Заметив, что Анна Петровна не в духе, разочарованный сват молча раскланялся и ушёл, а вскоре после него ушла и цесаревна.
Ильинична встретила свою питомицу на лестнице, поднимаясь к себе.
– Что недолго гостила у нас, голубка?
– Проводи меня, няня, всё тебе скажу.
– Эх ты, вертушка! Знала бы – не взбиралась. Говори же, касаточка: что не сидела у сестры? Ей, голубушке, скучно ведь одной-то бывает… а тебе ведь всё равно…
– Что – всё равно?
– Да сидеть-то дома… Знай болтала бы да болтала с сестрёнкой.
– А коли она не болтает, а молчит? Что ты на это скажешь?
– Да с чего бы это самое… ей с тобой-то не говорить?
– Обиделась на меня, что я сказала: могу сама решать, кто мне нравится, а кто нет…
– Известно, сама… Только молода ты у меня. А как даст Бог подрастёшь да поздоровеешь побольше, женишок тогда и приглянётся.
– А Аннушка, муж её да Бассевич хотели навязать мне белобрысого Карла… а я его совсем не люблю…

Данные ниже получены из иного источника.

Lemma steps_partition d : d != 0 -> exists! i, d \in steps (step_a i) (step_b i).
Proof.
move=> nz; exists (step_class (canon d)); split; last by move=> j /step_class_canon.
set i := step_class _.
have c_steps : canon d \in steps (step_a i) (step_b i).
  by case: (positive_steps (positive_canon nz)) => <-; rewrite !inE eqxx ?orbT.
by case: (canon_sign d) => ->; rewrite ?steps_opp.
Qed.

Lemma det_steps_unit i : prime p ->
  (step_a i).1 * (step_b i).2 - (step_a i).2 * (step_b i).1 \is a GRing.unit.
Proof.
case: i => x t p_prime; have x_unit : (x.+1%:R : 'I_p) \is a GRing.unit.
  by rewrite (unitZpE _ (isT : (1 < p)%N)) prime_coprime // gtnNdvd //; have := ltn_ord x; lia.
rewrite /step_a /step_b /pt /=; case: ifP => _ /=; last by rewrite mulr0 subr0 unitrM x_unit.
by rewrite -[(2 * t).+1]addn1 natrD (_ : _ - _ = x.+1%:R) //; ring.
Qed.

Lemma card_step_index : #|{: step_index}| = ((p ^ 2 - 1) %/ 4)%N.
Proof.
rewrite card_prod !card_ord (_ : (p ^ 2 - 1 = k.+1 * k.+2 * 4)%N) ?mulnK //.
by rewrite -mulnn; nia.
Qed.

End PairedSteps.

Lemma odd_gt1_eq n : odd n -> (1 < n)%N -> exists k, n = k.*2.+3.
Proof. by move=> n_odd n_gt1; exists n./2.-1; lia. Qed.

– Мне и самой он не показался… что твоя сова… хлопает знай бельмами, и всё тут.
– Вот видишь. Ну и мне он не пришёлся по душе. Я и сказала прямо – не жених он мне… Аннушка и надулась, а Фридрих хочет маменьку просить принудить меня за него выйти; а я знаю, что маменька против моего желания не пойдёт.
– Известно… Вот Аннушку при мне спрашивала: хочешь ли выйти за голштинца? Та сказала твёрдо: хочу… Стало, теперь пусть на себя и пеняет, что прогадала… слёзы лить приходится…

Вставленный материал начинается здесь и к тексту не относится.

Lemma sha_carrier_mul lam a b : sha_carrier a -> sha_carrier b ->
  sha_carrier (sh_mul lam a b).
Proof.
move=> [N a0] [M b0]; exists (N + M).+1 => P lt_P.
have [top0 _] := sh_mul_top lam (fun j lt_j => a0 j (ltnW lt_j)) (fun j lt_j => b0 j (ltnW lt_j)).
exact: top0.
Qed.

Definition coefs (I : (nat -> C) -> Prop) (V : pred nat) d c :=
  exists a, [/\ I a, a d = c & forall j, V j -> a j = 0].

Lemma coefs_ideal lam S I V d : sh_ideal lam S I -> (forall c, S (sh_mon 0 c)) ->
  ring_ideal (coefs I V d).
Proof.
move=> idI S0; have [_ I0 Iadd Iopp _] := idI; split=> //.
- by exists (sh_zero C).
- move=> _ _ [a [Ia <- a0]] [b [Ib <- b0]]; exists (sh_add a b).
  by split=> [|//|j Vj]; [apply: Iadd | rewrite /sh_add a0 ?b0 ?addr0].
- move=> _ [a [Ia <- a0]]; exists (sh_opp a).
  by split=> [|//|j Vj]; [apply: Iopp | rewrite /sh_opp a0 ?oppr0].
- move=> r _ _ [a [Ia <- a0]]; exists (sh_scale r a).
  by split=> [|//|j Vj]; [exact: sh_ideal_scale idI (S0 r) Ia | rewrite /sh_scale a0 ?mulr0].
Qed.

End ShuffleProduct.

Section NotQAlgebra.
Variables (C : comPzRingType) (lam : C) (p : nat).
Hypothesis p_pr : prime p.

Let pC (c : C) := exists z, c = p%:R * z.

(* Either p^K divides the degree of the second factor, or p divides the
   binomial coefficient C(P, n) of the structure constant. *)
Lemma sh_mul_pdiv K a b : (forall n, (p ^ K %| n)%N -> pC (b n)) ->
  forall P, (p ^ K %| P)%N -> pC (sh_mul lam a b P).
Proof.
have [_ p0 pD _ pM] := principal_ideal (p%:R : C).
have pMr x y : pC x -> pC (x * y).
  by rewrite mulrC; apply: pM.
move=> pb P dvd_P; apply: big_ind => [//|x y|m _]; first exact: pD.
apply: big_ind => [//|x y|n _]; first exact: pD.
apply: big_ind => [//|x y|k _]; first exact: pD.
case: eqP => [def_P|_ //]; have [dvd_n|ndvd_n] := boolP (p ^ K %| n)%N.
  by apply/pMr/pMr/pMr; apply: (pM _ _ I (pb n dvd_n)).
have /dvdnP[q ->] : (p %| 'C(m + n - k, n))%N.
  by apply: prime_dvd_bin_pow ndvd_n; rewrite ?def_P.
by apply/pMr/pMr; rewrite natrM; apply: (pM _ _ I); exists q%:R; rewrite mulrC.
Qed.

Lemma sh_not_noetherian_of_prime (S : (nat -> C) -> Prop) :
  (forall y : C, p%:R * y <> 1) ->
  S (sh_zero C) -> (forall a b, S a -> S b -> S (sh_add a b)) ->
  (forall a, S a -> S (sh_opp a)) -> (forall a b, S a -> S b -> S (sh_mul lam a b)) ->
  (forall j, S (sh_mon j 1)) ->
  ~ noetherian_on S (sh_zero C) (@sh_add C) (@sh_opp C) (sh_mul lam).
Proof.
move=> p_not_inv S0 Sadd Sopp Smul Smon noeS.
have [_ p0 pD pN _] := principal_ideal (p%:R : C).
pose I K a := S a /\ forall n, (p ^ K %| n)%N -> pC (a n).
have idI K : sh_ideal lam S (I K).
  split=> [a []//|//|a b [Sa pa] [Sb pb]|a [Sa pa]|r a Sr [Sa pa]].
  - by split=> [|n dvd_n]; [exact: Sadd | apply: pD; [apply: pa | apply: pb]].
  - by split=> [|n dvd_n]; [exact: Sopp | apply: pN; apply: pa].
  - by split=> [|n]; [exact: Smul | apply: sh_mul_pdiv].
have incrI K a : I K a -> I K.+1 a.
  move=> [Sa pa]; split=> // n dvd_n; apply: pa.
  exact: dvdn_trans (dvdn_exp2l p (leqnSn K)) dvd_n.
have [N stabN] := noeS I idI incrI.
have /stabN[//|_ /(_ (p ^ N)%N (dvdnn _))] : I N.+1 (sh_mon (p ^ N) 1).
  split=> // n dvd_n; rewrite /sh_mon; case: eqP => [def_n|_]; last exact: p0.
  have pN_gt0 : (0 < p ^ N)%N by rewrite expn_gt0 prime_gt0.
  move: dvd_n; rewrite def_n => /(dvdn_leq pN_gt0).
  by rewrite leqNgt ltn_exp2l ?prime_gt1 // ltnSn.
by rewrite /sh_mon eqxx => -[z /esym/p_not_inv].
Qed.

End NotQAlgebra.

Lemma sha_not_noetherian (C : comPzRingType) (lam : C) : ~ is_Q_algebra C ->
  ~ sha_noetherian lam /\ ~ sha_hat_noetherian lam.
Proof.
move=> /not_Q_algebra_prime[p p_pr p_not_inv]; split.
  apply: (sh_not_noetherian_of_prime p_pr p_not_inv) => [|a b [N a0] [M b0]|a [N a0]||].
  - by exists 0%N.
  - by exists (maxn N M) => n; rewrite geq_max /sh_add => /andP[/a0 -> /b0 ->]; rewrite addr0.
  - by exists N => n /a0; rewrite /sh_opp => ->; rewrite oppr0.
  - exact: sha_carrier_mul.
  - by move=> j; apply: sha_carrier_mon.
exact: (sh_not_noetherian_of_prime p_pr p_not_inv).
Qed.

Lemma sum_bin_inversion (R : comPzRingType) t K :
  \sum_(n < t.+1) (-1) ^+ (n - K) * ('C(t, n) * 'C(n, K))%:R = (t == K)%:R :> R.
Proof.
have [lt_tK|le_Kt] := ltnP t K.
  rewrite big1 ?ltn_eqF // => n _.
  by rewrite (@bin_small n) ?muln0 ?mulr0 //; apply: leq_ltn_trans lt_tK; rewrite -ltnS.
pose F n : R := (-1) ^+ (n - K) * ('C(t, n) * 'C(n, K))%:R.
rewrite -(big_mkord xpredT F) (@big_cat_nat _ _ _ K) //=; last by lia.
rewrite big_nat_cond big1 ?add0r => [|n /andP[/andP[_ lt_nK] _]]; last first.
  by rewrite /F (bin_small lt_nK) muln0 mulr0.
rewrite -{1}(add0n K) big_addn (_ : t.+1 - K = (t - K).+1)%N; last by lia.
rewrite big_mkord /F; under eq_bigr => j _ do
  rewrite addnK bin_mul_swap ?leq_addl // addnK natrM mulrCA.
rewrite -mulr_sumr; have [->|ne_tK] := eqVneq t K.
  by rewrite subnn big_ord1 binn expr0 !mulr1.
by rewrite alt_sum_bin ?mulr0 // subn_gt0 ltn_neqAle eq_sym ne_tK le_Kt.
Qed.

Section Characters.
Variables (C : comPzRingType) (lam : C).

Definition sh_chi t (a : nat -> C) := \sum_(n < t.+1) lam ^+ n * 'C(t, n)%:R * a n.

Lemma sh_chi_struct t m n :
  \sum_(P < t.+1) lam ^+ P * 'C(t, P)%:R * sh_struct lam m n P
  = lam ^+ (m + n) * ('C(t, m) * 'C(t, n))%:R.
Proof.
transitivity (\sum_(P < t.+1) \sum_(k < m.+1) if (m + n - k == P)%N then
   lam ^+ (m + n) * ('C(t, m + n - k) * 'C(m + n - k, n) * 'C(n, k))%:R else 0).
  apply: eq_bigr => P _; rewrite /sh_struct mulr_sumr; apply: eq_bigr => k _.
  case: eqP => [<-|_]; last by rewrite mulr0.
  have le_k : (k <= m + n)%N by have := ltn_ord k; lia.
  by rewrite -(subnK le_k) exprD subnK // !natrM; ring.
rewrite exchange_big /= -sum_bin_shuffle natr_sum mulr_sumr; apply: eq_bigr => k _.
have [le_t|lt_t] := leqP (m + n - k) t; last first.
  rewrite (bin_small lt_t) !mul0n mulr0 big1 // => P _.
  by case: eqP => // def_P; have := ltn_ord P; lia.
rewrite -ltnS in le_t; rewrite (sumr_ord_single (Ordinal le_t)) /= ?eqxx // => P ne_P.
by rewrite eq_sym (negbTE ne_P).
Qed.

Lemma sh_chiM t a b : sh_chi t (sh_mul lam a b) = sh_chi t a * sh_chi t b.
Proof.
rewrite /sh_chi; transitivity (\sum_(P < t.+1) \sum_(m < t.+1) \sum_(n < t.+1)
    lam ^+ P * 'C(t, P)%:R * (a m * b n * sh_struct lam m n P)).
  apply: eq_bigr => P _; rewrite (sh_mulE (T := t) _ _ _ (ltn_ord P)) mulr_sumr.
  by apply: eq_bigr => m _; rewrite mulr_sumr.
rewrite exchange_big big_distrl; apply: eq_bigr => m _ /=.
rewrite exchange_big big_distrr; apply: eq_bigr => n _ /=.
transitivity (a m * b n * \sum_(P < t.+1) lam ^+ P * 'C(t, P)%:R * sh_struct lam m n P).
  by rewrite mulr_sumr; apply: eq_bigr => P _; ring.
by rewrite sh_chi_struct natrM exprD; ring.
Qed.

Lemma sh_chiD t a b : sh_chi t (sh_add a b) = sh_chi t a + sh_chi t b.
Proof. by rewrite /sh_chi -big_split; apply: eq_bigr => n _; rewrite /sh_add mulrDr. Qed.

Lemma sh_chiN t a : sh_chi t (sh_opp a) = - sh_chi t a.
Proof. by rewrite /sh_chi -sumrN; apply: eq_bigr => n _; rewrite /sh_opp mulrN. Qed.

Lemma sh_chi0 t : sh_chi t (sh_zero C) = 0.
Proof. by rewrite /sh_chi big1 // => n _; rewrite /sh_zero mulr0. Qed.

Definition sh_peak (y : nat -> C) K : nat -> C :=
  fun n => (-1) ^+ (n - K) * 'C(n, K)%:R * y n.

Lemma sh_chi_peak x y K t : (forall n, x = lam ^+ n * y n) ->
  sh_chi t (sh_peak y K) = x * (t == K)%:R.
Proof.
move=> xE; rewrite /sh_chi -sum_bin_inversion mulr_sumr; apply: eq_bigr => n _.
by rewrite /sh_peak [x](xE n) natrM; ring.
Qed.

Lemma sha_hat_not_noetherian :
  (exists2 x : C, x != 0 & forall n, exists y, x = lam ^+ n * y) ->
  ~ sha_hat_noetherian lam.
Proof.
move=> [x x_neq0 /choice[y xE]] noeC.
pose I K a := forall t, (K <= t)%N -> sh_chi t a = 0.
have idI K : sh_ideal lam (fun=> True) (I K).
  split=> // [t _|a b Ia Ib t le_t|a Ia t le_t|r a _ Ia t le_t]; first exact: sh_chi0.
  - by rewrite sh_chiD Ia ?Ib ?addr0.
  - by rewrite sh_chiN Ia ?oppr0.
  - by rewrite sh_chiM Ia ?mulr0.
have incrI K a : I K a -> I K.+1 a by move=> Ia t /ltnW; apply: Ia.
have [N stabN] := noeC I idI incrI.
have peakI : I N.+1 (sh_peak y N) by move=> t lt_Nt; rewrite (sh_chi_peak _ _ xE) gtn_eqF ?mulr0.
move: (stabN N.+1 (leqnSn N) _ peakI N (leqnn N)).
by rewrite (sh_chi_peak _ _ xE) eqxx mulr1; apply/eqP.
Qed.

End Characters.

Section ShaNoetherian.
Variables (C : comPzRingType) (lam : C).
Hypothesis QC : is_Q_algebra C.
Implicit Types I J : (nat -> C) -> Prop.

Definition lead_coefs I d := coefs I (fun j => d < j)%N d.

Lemma lead_coefs_ideal I d : sh_ideal lam (@sha_carrier C) I -> ring_ideal (lead_coefs I d).
Proof. by move=> idI; apply: coefs_ideal idI _ => c; apply: sha_carrier_mon. Qed.

Lemma lead_coefs_succ I d c : sh_ideal lam (@sha_carrier C) I ->
  lead_coefs I d c -> lead_coefs I d.+1 c.
Proof.
move=> idI [a [Ia <- a0]]; apply: (Q_algebra_ideal_natr QC (lead_coefs_ideal d.+1 idI)).
have mon0 j : (1 < j)%N -> sh_mon 1 (1 : C) j = 0 by move=> lt_1j; rewrite /sh_mon gtn_eqF.
have [top0 topE] := sh_mul_top lam mon0 a0; have [_ _ _ _ Imul] := idI.
exists (sh_mul lam (sh_mon 1 1) a); split; first exact: Imul (sha_carrier_mon _ _) Ia.
  by rewrite topE add1n binSn /sh_mon eqxx mul1r.
by move=> j; rewrite -add1n; apply: top0.
Qed.

Lemma sha_ideal_sub_of_lead I J :
  sh_ideal lam (@sha_carrier C) I -> sh_ideal lam (@sha_carrier C) J ->
  (forall a, I a -> J a) -> (forall d c, lead_coefs J d c -> lead_coefs I d c) ->
  forall a, J a -> I a.
Proof.
move=> idI idJ subIJ sub_lead; have [carJ _ Jadd Jopp _] := idJ.
suff memI d f : J f -> (forall j, (d <= j)%N -> f j = 0) -> I f.
  by move=> a Ja; have [N a0] := carJ a Ja; apply: memI Ja a0.
elim: d f => [|d IH] f Jf f0.
  have [_ I0 _ _ _] := idI; congr I: I0.
  by apply: functional_extensionality => j; rewrite f0.
have [g [Ig gd g0]] : lead_coefs I d (f d).
  by apply: sub_lead; exists f; split=> // j lt_dj; apply: f0.
apply: (sh_ideal_of_sub idI Ig (IH _ _ _)) => [|j le_dj].
  exact: Jadd Jf (Jopp _ (subIJ _ Ig)).
have [lt_dj|] := ltnP d j; first by rewrite /sh_add /sh_opp f0 ?g0 ?subrr.
by move=> le_jd; rewrite (_ : j = d) 1?/sh_add /sh_opp ?gd ?subrr //; lia.
Qed.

– Как так? Она так любит своего Фридриха!
– Она-то любит, да он… прах его знает, что за человек: ни рыба ни мясо… ни гнева ни милости. Чисто пресное тесто.

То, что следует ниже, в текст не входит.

Lemma tr_mul_shifted2 (F : fieldType) (a e : F) (X Y : 'M[F]_2) :
  \det X = 1 -> \tr Y = \tr X -> a ^+ 2 * \det (X - e%:M) = 1 ->
  \tr (a *: (Y - e%:M) * (a *: (X - e%:M))) = 2 - (2 - \tr (Y * X)) / \det (X - e%:M).
Proof.
move=> detX trYX.
have : \det (X - e%:M) = 1 - e * \tr X + e ^+ 2.
  by rewrite -[X in X - _]scale1r det_affine2 detX; ring.
move: (\det _) => D hD detXe.
have D0 : D != 0 by apply/eqP => D0; move/eqP: detXe; rewrite D0 mulr0 eq_sym oner_eq0.
rewrite -scalerAl -scalerAr !mxtraceZ tr_shift_mul2 trYX.
have -> : \tr (Y * X) - e * (\tr X + \tr X) + 2 * e ^+ 2 = \tr (Y * X) - 2 + 2 * D.
  by rewrite hD; ring.
have ha : a ^+ 2 = D^-1 by rewrite -[a ^+ 2](mulfK D0) detXe mul1r.
by rewrite mulrA -expr2 ha; field.
Qed.

Section RileyRepresentation.
Variables (R : realType) (s y : R[i]).
Hypothesis s_neq0 : s != 0.

Local Notation A := (rhoA s).
Local Notation B := (rhoB s y).
Local Notation P := (mx2 1 (- s) ((2 - y) / s) (y - 1)).
Local Notation Q := (mx2 1 s^-1 ((y - 2) * s) (y - 1)).

Lemma det_rhoA : \det A = 1.
Proof. by rewrite det_mx2; field. Qed.

Lemma det_rhoB : \det B = 1.
Proof. by rewrite det_mx2; field. Qed.

Lemma rhoB_divA : B / A = P.
Proof. by rewrite inv_sl2 ?det_rhoA // !mx2E; congr mx2; field. Qed.

Lemma rhoBV_mulA : B^-1 * A = Q.
Proof. by rewrite inv_sl2 ?det_rhoB // !mx2E; congr mx2; field. Qed.

Lemma det_P : \det P = 1. Proof. by rewrite det_mx2; field. Qed.
Lemma det_Q : \det Q = 1. Proof. by rewrite det_mx2; field. Qed.
Lemma tr_P : \tr P = y. Proof. by rewrite tr_mx2; ring. Qed.
Lemma tr_Q : \tr Q = y. Proof. by rewrite tr_mx2; ring. Qed.

Lemma unit_rhoA : A \is a GRing.unit.
Proof. apply: unit_sl2; exact: det_rhoA. Qed.
Lemma unit_rhoB : B \is a GRing.unit.
Proof. apply: unit_sl2; exact: det_rhoB. Qed.

Lemma rhoWrev_inv (m : int) :
  rhoWrev m s y = ((B / A) ^ m)^-1 * ((B^-1 * A) ^ m)^-1.
Proof.
have [hP hQ] := exprz_inv_swap m unit_rhoA unit_rhoB.
by rewrite /rhoWrev hP hQ.
Qed.

Lemma rhoW_chebS (m : int) :
  let U := chebS (m - 1) y *: P - (chebS (m - 2) y)%:M in
  let V := chebS (m - 1) y *: Q - (chebS (m - 2) y)%:M in
  rhoW m s y = U * V /\ rhoWrev m s y = U^-1 * V^-1.
Proof.
move=> U V.
have hU : (B / A) ^ m = U by rewrite rhoB_divA (expz_chebS m det_P) tr_P.
have hV : (B^-1 * A) ^ m = V by rewrite rhoBV_mulA (expz_chebS m det_Q) tr_Q.
by split; rewrite ?rhoWrev_inv /rhoW hU hV.
Qed.

Lemma riley_relation_shift (W : 'M[R[i]]_2) (a b : R[i]) :
  (a *: W - b%:M) * A = B * (a *: W - b%:M) -> b = a * (W 0 0 - (s - s^-1) * W 0 1).
Proof.
rewrite [W]mx2_eta !mx2E => /(congr1 (fun M : 'M_2 => M 0 1)); rewrite !mxE /=.
move=> /eqP; rewrite -subr_eq0 => /eqP h.
by apply/eqP; rewrite -subr_eq0 -oppr_eq0; apply/eqP; rewrite -[RHS]h; ring.
Qed.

– Я, няня, пресного теста не люблю и права, значит, что за Карла, коли он такой же, нейду.
– Ты умница у меня… что и говорить. Куда тебе голштинца непутного – русачок наш лучше.
– Я, няня, пойми, не виновата нисколько перед Аннушкой. Я ведь не думала, не гадала, что она с муженьком затеяла сватовство. – И Елизавета Петровна рассказала подробно о своём посещении палаты, где происходил пир голштинцев.
– Теперь, чего доброго, – сказала она в заключение, – у нас дружба с Аннушкой пошатнётся. Неловко мне будет к ней затесаться, а она такой человек, – коли не придёшь, сама не пошевелится и не сердясь. А теперь…
– А что теперь?! Опять-таки ничего. Мало ль что хотелось ей… И ладно, что за немца нейдёшь. Ну, однако, мне пора домой, – произнесла Ильинична. – Пойду горе своё размыкать… умом-разумом раскинуть.
– Зайди, няня; проводила до дверей, зачем же не хочешь войти?
– Да горюшко-то моё больно донимает. Сердце ныть принялось, так что не уймёшь не переплакавши…
– Ну и плачь у меня. И я с тобою заплачу, что хотят насильно замуж отдавать.
– Тебе бы всё зубы точить… А мне так Дунька истинно горе устроила и заботу. И об ней-то подумать надо да голову поломать, что только с ней сталось? Иванушку мне истинно до смерти жаль! Первое – парень хороший; второе дело – надёжная подпора старости был бы да в делах помощником. – И Ильинична, махнув рукой и скрывая слёзы, зашагала в свою сторону.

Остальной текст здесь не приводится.